EXERCISE INSTRUCTIONS —
Repeat word for word the opening stretch of the entries, from the first line through the line containing "forall (z : sub".
Top of DATA UNDER STUDY
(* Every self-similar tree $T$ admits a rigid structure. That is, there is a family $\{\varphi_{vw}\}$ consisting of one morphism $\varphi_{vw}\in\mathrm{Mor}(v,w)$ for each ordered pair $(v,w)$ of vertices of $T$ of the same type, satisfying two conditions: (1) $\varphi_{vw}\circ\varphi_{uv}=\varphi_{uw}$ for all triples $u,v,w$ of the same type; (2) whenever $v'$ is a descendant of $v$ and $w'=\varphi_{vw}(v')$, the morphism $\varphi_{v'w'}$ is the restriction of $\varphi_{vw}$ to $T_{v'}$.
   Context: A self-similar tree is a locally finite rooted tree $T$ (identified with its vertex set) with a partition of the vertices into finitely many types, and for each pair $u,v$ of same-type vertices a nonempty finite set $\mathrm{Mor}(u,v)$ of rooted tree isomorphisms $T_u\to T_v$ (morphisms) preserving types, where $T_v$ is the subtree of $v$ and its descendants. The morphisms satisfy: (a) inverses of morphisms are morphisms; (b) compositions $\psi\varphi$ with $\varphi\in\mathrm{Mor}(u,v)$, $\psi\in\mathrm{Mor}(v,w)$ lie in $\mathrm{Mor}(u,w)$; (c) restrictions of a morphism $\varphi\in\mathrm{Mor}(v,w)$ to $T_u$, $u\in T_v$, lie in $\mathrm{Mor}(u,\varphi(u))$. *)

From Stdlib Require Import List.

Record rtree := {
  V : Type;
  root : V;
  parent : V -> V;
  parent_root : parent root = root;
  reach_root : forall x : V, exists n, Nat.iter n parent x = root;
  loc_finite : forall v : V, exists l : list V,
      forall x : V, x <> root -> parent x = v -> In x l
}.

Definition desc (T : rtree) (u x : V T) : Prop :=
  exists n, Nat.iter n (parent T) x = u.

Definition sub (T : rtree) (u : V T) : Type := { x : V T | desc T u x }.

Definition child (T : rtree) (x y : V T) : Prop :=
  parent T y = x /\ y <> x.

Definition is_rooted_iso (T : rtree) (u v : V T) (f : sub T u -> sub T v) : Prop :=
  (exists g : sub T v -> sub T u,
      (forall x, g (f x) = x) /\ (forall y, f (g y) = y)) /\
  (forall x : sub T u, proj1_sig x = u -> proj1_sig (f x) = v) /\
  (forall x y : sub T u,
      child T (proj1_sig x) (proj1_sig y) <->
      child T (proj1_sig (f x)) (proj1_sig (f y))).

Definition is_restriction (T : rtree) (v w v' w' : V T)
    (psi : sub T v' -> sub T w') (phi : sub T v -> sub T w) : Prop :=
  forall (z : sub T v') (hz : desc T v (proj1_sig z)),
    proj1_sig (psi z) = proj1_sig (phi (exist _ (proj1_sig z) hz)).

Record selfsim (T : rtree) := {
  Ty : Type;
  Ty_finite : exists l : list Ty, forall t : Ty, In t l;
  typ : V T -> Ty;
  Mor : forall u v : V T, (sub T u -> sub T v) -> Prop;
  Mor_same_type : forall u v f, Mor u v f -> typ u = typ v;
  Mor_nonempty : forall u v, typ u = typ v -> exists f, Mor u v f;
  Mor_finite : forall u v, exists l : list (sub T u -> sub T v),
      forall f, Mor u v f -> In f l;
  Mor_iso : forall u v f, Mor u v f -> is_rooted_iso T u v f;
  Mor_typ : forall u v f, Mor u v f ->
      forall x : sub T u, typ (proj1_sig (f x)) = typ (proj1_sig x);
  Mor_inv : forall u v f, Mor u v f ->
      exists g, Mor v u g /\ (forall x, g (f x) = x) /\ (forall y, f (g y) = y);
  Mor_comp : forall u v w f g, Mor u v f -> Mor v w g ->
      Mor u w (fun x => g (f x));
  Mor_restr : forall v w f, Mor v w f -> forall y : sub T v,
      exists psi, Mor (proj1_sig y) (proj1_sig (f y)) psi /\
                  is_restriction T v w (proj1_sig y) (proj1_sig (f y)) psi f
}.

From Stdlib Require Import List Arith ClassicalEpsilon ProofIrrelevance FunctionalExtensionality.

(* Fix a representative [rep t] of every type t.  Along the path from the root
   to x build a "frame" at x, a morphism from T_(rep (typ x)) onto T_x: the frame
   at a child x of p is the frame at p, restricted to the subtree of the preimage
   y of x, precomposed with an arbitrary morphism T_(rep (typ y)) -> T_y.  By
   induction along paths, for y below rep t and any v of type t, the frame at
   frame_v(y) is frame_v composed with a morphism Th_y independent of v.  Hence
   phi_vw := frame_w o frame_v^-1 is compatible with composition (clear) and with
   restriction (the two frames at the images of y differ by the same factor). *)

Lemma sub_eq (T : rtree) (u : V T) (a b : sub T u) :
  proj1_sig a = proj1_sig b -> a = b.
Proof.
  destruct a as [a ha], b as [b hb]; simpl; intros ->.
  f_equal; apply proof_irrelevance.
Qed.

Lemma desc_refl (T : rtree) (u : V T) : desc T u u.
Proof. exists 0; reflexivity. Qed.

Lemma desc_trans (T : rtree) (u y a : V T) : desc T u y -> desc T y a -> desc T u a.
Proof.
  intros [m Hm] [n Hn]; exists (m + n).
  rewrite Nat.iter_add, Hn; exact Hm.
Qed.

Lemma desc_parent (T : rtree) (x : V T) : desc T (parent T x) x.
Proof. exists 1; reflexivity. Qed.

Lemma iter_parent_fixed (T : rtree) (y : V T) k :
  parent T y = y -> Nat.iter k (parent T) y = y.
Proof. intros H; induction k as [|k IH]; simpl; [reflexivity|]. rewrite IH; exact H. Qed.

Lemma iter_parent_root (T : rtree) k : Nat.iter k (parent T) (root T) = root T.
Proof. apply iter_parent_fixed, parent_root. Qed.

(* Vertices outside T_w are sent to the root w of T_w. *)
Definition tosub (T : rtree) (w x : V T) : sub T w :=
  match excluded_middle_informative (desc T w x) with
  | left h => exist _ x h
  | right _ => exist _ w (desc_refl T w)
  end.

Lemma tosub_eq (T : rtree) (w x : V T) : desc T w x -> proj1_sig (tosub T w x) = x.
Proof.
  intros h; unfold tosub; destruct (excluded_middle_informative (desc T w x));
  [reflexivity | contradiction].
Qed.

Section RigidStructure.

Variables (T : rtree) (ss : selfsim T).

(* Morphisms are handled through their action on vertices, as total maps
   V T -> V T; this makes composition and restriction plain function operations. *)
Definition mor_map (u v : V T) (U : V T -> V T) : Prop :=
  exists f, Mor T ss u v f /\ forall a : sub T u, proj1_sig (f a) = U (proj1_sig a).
Bottom of DATA UNDER STUDY
RESPONSE AREA —
(* Every self-similar tree $T$ admits a rigid structure. That is, there is a family $\{\varphi_{vw}\}$ consisting of one morphism $\varphi_{vw}\in\mathrm{Mor}(v,w)$ for each ordered pair $(v,w)$ of vertices of $T$ of the same type, satisfying two conditions: (1) $\varphi_{vw}\circ\varphi_{uv}=\varphi_{uw}$ for all triples $u,v,w$ of the same type; (2) whenever $v'$ is a descendant of $v$ and $w'=\varphi_{vw}(v')$, the morphism $\varphi_{v'w'}$ is the restriction of $\varphi_{vw}$ to $T_{v'}$.
   Context: A self-similar tree is a locally finite rooted tree $T$ (identified with its vertex set) with a partition of the vertices into finitely many types, and for each pair $u,v$ of same-type vertices a nonempty finite set $\mathrm{Mor}(u,v)$ of rooted tree isomorphisms $T_u\to T_v$ (morphisms) preserving types, where $T_v$ is the subtree of $v$ and its descendants. The morphisms satisfy: (a) inverses of morphisms are morphisms; (b) compositions $\psi\varphi$ with $\varphi\in\mathrm{Mor}(u,v)$, $\psi\in\mathrm{Mor}(v,w)$ lie in $\mathrm{Mor}(u,w)$; (c) restrictions of a morphism $\varphi\in\mathrm{Mor}(v,w)$ to $T_u$, $u\in T_v$, lie in $\mathrm{Mor}(u,\varphi(u))$. *)

From Stdlib Require Import List.

Record rtree := {
  V : Type;
  root : V;
  parent : V -> V;
  parent_root : parent root = root;
  reach_root : forall x : V, exists n, Nat.iter n parent x = root;
  loc_finite : forall v : V, exists l : list V,
      forall x : V, x <> root -> parent x = v -> In x l
}.

Definition desc (T : rtree) (u x : V T) : Prop :=
  exists n, Nat.iter n (parent T) x = u.

Definition sub (T : rtree) (u : V T) : Type := { x : V T | desc T u x }.

Definition child (T : rtree) (x y : V T) : Prop :=
  parent T y = x /\ y <> x.

Definition is_rooted_iso (T : rtree) (u v : V T) (f : sub T u -> sub T v) : Prop :=
  (exists g : sub T v -> sub T u,
      (forall x, g (f x) = x) /\ (forall y, f (g y) = y)) /\
  (forall x : sub T u, proj1_sig x = u -> proj1_sig (f x) = v) /\
  (forall x y : sub T u,
      child T (proj1_sig x) (proj1_sig y) <->
      child T (proj1_sig (f x)) (proj1_sig (f y))).

Definition is_restriction (T : rtree) (v w v' w' : V T)
    (psi : sub T v' -> sub T w') (phi : sub T v -> sub T w) : Prop :=
  forall (z : sub T v') (hz : desc T v (proj1_sig z)),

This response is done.